Because all of the Obama administration’s executive orders and the decisions of agencies under the Obama administration, including its non-binding efforts, will likely be overturned, we must rely on the states. If you feel disenfranchised, my advice to you is: VOTE IN THE MID-TERM ELECTION. Let’s make Pennsylvania “blue” again! For example, in recent months, Montana, New York and West Virginia’s Lewisburg City Council moved to prohibit discrimination on the basis of gender identity in areas such as public employment and public access. The city of Charlotte did as well but then North Carolina responded with HB2, the “bathroom bill.”
We saw huge victories this past year with the current Department of Justice, Department of Education and the Equal Opportunity Employment Commission showing their commitment to protect our transgender citizens by saying a bar on transgender people from using the bathroom that aligns with their gender identity is a form of sex discrimination and a student’s gender identity must be respected in public schools. With that said, those victories may be eviscerated.

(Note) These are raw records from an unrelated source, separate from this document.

Definition is_EM2cell (K : TwoCat) (k k' : Obj K)
    (t : Hom k k) (mu : Cell (comp1 t t) t)
    (t' : Hom k' k') (eta' : Cell (id1 k') t')
    (V : Hom k k') (psi : Cell (comp1 t' V) (comp1 V t))
    (W : Hom k k') (phi : Cell (comp1 t' W) (comp1 W t))
    (rho : Cell V (comp1 W t)) : Prop :=
  wl W mu ** asc' t t W ** wr rho t ** psi
    = wl W mu ** asc' t t W ** wr phi t ** asc t W t' ** wl t' rho
  /\ rho = wl W mu ** asc' t t W ** wr phi t ** asc t W t'
             ** wr eta' (comp1 W t) ** lu' (comp1 W t) ** rho.

(* The cell [act phi = W mu * phi t] is an associative left action of [t'] on
   [W t], by the 1-cell axiom for [phi] and associativity of [mu], which also
   commutes with the right action [W mu]; it need not be unital, so
   [act_unit phi = W mu * phi t * eta' W t] is only idempotent on cells of the
   form [act phi * t' tau].  For [omega t * psi * eta' V], naturality of [eta']
   together with the 1-cell axiom for [psi] and a unit law of [mu'] collapses
   the left side of condition (a) to [omega t * psi]; dually, for
   [phi * eta' W * omega] the right side of (a) collapses to [phi * t' omega].
   Condition (b) is then automatic (for the first cell, given (a)), and the
   three parts are short equational consequences of these collapses. *)

From Stdlib Require Import ProofIrrelevance Setoid.
Set Implicit Arguments.
Unset Strict Implicit.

Since the election, 11 states have already sued the Obama administration, asserting that the transgender civil-rights legislation in schools is outside of the scope of federal anti-discrimination law.
There have been 254 anti-LGBT bills introduced across the nation since marriage equality — that is what began the backlash. It’s important to note that “introducing” is not the same as “passing” a law. Oklahoma introduced the most bills (24) and Virginia passed the most into law (four). Only nine states, including our now-red Pennsylvania, and the District of Columbia, have not introduced any.
We know the incoming administration is going to shake up the progress that has been made. The future of our equal protection under the law will temporarily be decided by the next administration but ultimately rests with who the next Supreme Court justice(s) will be and how many justices will be replaced by President-Elect Trump. It is within the Supreme Court that we have gained the most ground, so it will likely be the Supreme Court that determines our progress.
I know — it’s a lot to take in. But ultimately, our biggest assets as both individuals and as a community are continued unity and resilience. That is what we’ll need to get through the next four years and however long it will take to unwind the damage done as a result. The tumultuous year that just passed gave us plenty of chances to come together to support one another — and we did. With a new year beginning, we are definitively less optimistic than we were at the start of 2016, but that’s OK. We have fought in the past and won and this is no different. So please, don’t lose hope, don’t disengage and don’t forget about the awesome community of people we have right here in Philadelphia.